Peringatan yang disampaikan Syarif itu juga bukan sekadar isapan jempol. Dia merujuk pada data Foreign Corruption Practices Act (FCPA) yang menyebutkan China sebagai negara nomor satu dengan tingkat pembayaran tidak wajar atau improper payment.
“Ini statistik banyak benarnya menurut saya. Pasti Bapak-Ibu di BUMN banyak bekerja sama dengan China. Saya ulangi lagi, dengan China,” kata Syarif.
Wakil Ketua KPK itu kemudian mencontohkan negara-negara Eropa serta Amerika Serikat yang memiliki aturan lebih ketat. Di negara-negara itu, menurut Syarif, para pejabatnya dapat dijerat hukum apabila terbukti melakukan tindak pidana suap kepada pejabat negara lain, sehingga hal itu membuat para pejabat dari Eropa dan Amerika Serikat lebih berhati-hati dalam berinvestasi.
“Safe guard mereka nggak seketat seperti perusahaan dari Eropa Barat atau Amerika Serikat, dan mereka invest banyak di sini. Oleh karena itu, tidak salah ketika kami (menjerat) PLN itu dari mana (investasi) mereka? Dari China. Saya coba kasih contoh saja,” ucap Syarif.
“Kalau China invest di sini, you have to be very, very careful. Environment, what? Human rights, what? Nggak ada,” imbuh Syarif.
Terlepas dari itu, Syarif berkisah tentang praktik-praktik usaha yang kerap membuat BUMN merugi. Salah satu yang disinggung Syarif adalah pembelian produk di atas harga asli agar kelebihan pembayaran dapat dikantongi pribadi oleh oknum-oknum pejabat BUMN.
“Ini kasus riil di BUMN. BUMN ini ingin beli mangga, 5 biji mangga. Harga satunya Rp 100. Harusnya BUMN bilang ke penjual, ‘Ini saya nggak beli satu, beli 5, turunin sedikit dong’. Harusnya kan begitu, tapi apa yang dilakukan perusahaan ini? Walah, kalau Rp 100 jangan dong. Tolong, saya bayar Rp 120 per mangga, tapi Rp 20-nya kamu balikin ke aku lewat account saya di negara A dan B,” ujar Syarif.
Selain itu, Syarif menyebut kasus lain berkaitan dengan pengerjaan jalan. Modusnya, disebut Syarif, serupa dengan kisah pertama yang disebutnya.

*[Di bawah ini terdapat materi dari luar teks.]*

Variables (X : Type) (T : topology X).

Lemma open_ext (U V : X -> Prop) :
  is_open T U -> (forall x, U x <-> V x) -> is_open T V.
Proof.
  intros HU HUV.
  replace V with U; [exact HU|].
  apply functional_extensionality; intros x; apply propositional_extensionality, HUV.
Qed.

Lemma open_const (P : Prop) : is_open T (fun _ => P).
Proof.
  apply open_ext with (fun x => exists _ : P, True).
  - apply (open_union T (fun (_ : P) (_ : X) => True)); intros _; apply open_full.
  - intros x; split; [intros [p _]; exact p | intros p; now exists p].
Qed.

Lemma open_or (U V : X -> Prop) :
  is_open T U -> is_open T V -> is_open T (fun x => U x \/ V x).
Proof.
  intros HU HV.
  apply open_ext with (fun x => exists b : bool, (if b then U else V) x).
  - apply open_union; intros [|]; assumption.
  - intros x; split.
    + intros [[|] Hx]; auto.
    + intros [Hx|Hx]; [exists true | exists false]; exact Hx.
Qed.

Lemma open_all_lt (O : nat -> X -> Prop) k :
  (forall i, is_open T (O i)) -> is_open T (fun x => forall i, i < k -> O i x).
Proof.
  intros HO; induction k as [|k IH].
  - apply open_ext with (fun _ => True); [apply open_full|].
    intros x; split; [intros _ i Hi; lia | trivial].
  - apply open_ext with (fun x => (forall i, i < k -> O i x) /\ O k x);
      [now apply open_inter|].
    intros x; split.
    + intros [Hlt Hk] i Hi.
      destruct (Nat.eq_dec i k) as [->|Hne]; [exact Hk | apply Hlt; lia].
    + intros H; split; [intros i Hi|]; apply H; lia.
Qed.

Lemma clopen_ext (U V : X -> Prop) :
  is_clopen T U -> (forall x, U x <-> V x) -> is_clopen T V.
Proof.
  intros [HU HnU] HUV; split.
  - now apply open_ext with U.
  - apply open_ext with (fun x => ~ U x); [exact HnU|].
    intros x; now rewrite HUV.
Qed.

Lemma clopen_const (P : Prop) : is_clopen T (fun _ => P).
Proof. split; apply open_const. Qed.

Lemma clopen_compl (U : X -> Prop) : is_clopen T U -> is_clopen T (fun x => ~ U x).
Proof.
  intros [HU HnU]; split; [exact HnU|].
  apply open_ext with U; [exact HU|].
  intros x; split; [tauto | apply NNPP].
Qed.

Lemma clopen_or (U V : X -> Prop) :
  is_clopen T U -> is_clopen T V -> is_clopen T (fun x => U x \/ V x).
Proof.
  intros [HU HnU] [HV HnV]; split.
  - now apply open_or.
  - apply open_ext with (fun x => ~ U x /\ ~ V x); [now apply open_inter|].
    intros x; tauto.
Qed.

Lemma clopen_and (U V : X -> Prop) :
  is_clopen T U -> is_clopen T V -> is_clopen T (fun x => U x /\ V x).
Proof.
  intros HU HV.
  apply clopen_ext with (fun x => ~ (~ U x \/ ~ V x)).
  - now apply clopen_compl, clopen_or; apply clopen_compl.
  - intros x; tauto.
Qed.

Lemma clopen_imp (U V : X -> Prop) :
  is_clopen T U -> is_clopen T V -> is_clopen T (fun x => U x -> V x).
Proof.
  intros HU HV.
  apply clopen_ext with (fun x => ~ U x \/ V x).
  - now apply clopen_or; [apply clopen_compl|].
  - intros x; tauto.
Qed.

“Ada proyek pembangunan, ini kasus, tapi saya nggak mau sebut kasusnya. Anggaplah jalan 100 meter, harusnya anggarannya cuma Rp 20 ribu. Tapi dia bikin anggarannya Rp 40 ribu. Dia serahkan kepada anak perusahaannya untuk dikerjakan Rp 40 ribu itu, tapi sebenarnya hanya Rp 20 ribu. Yang Rp 20 ribunya diberikan kepada yang bos-bosnya. Itu yang sedang kita kerjakan,” ujar Syarif.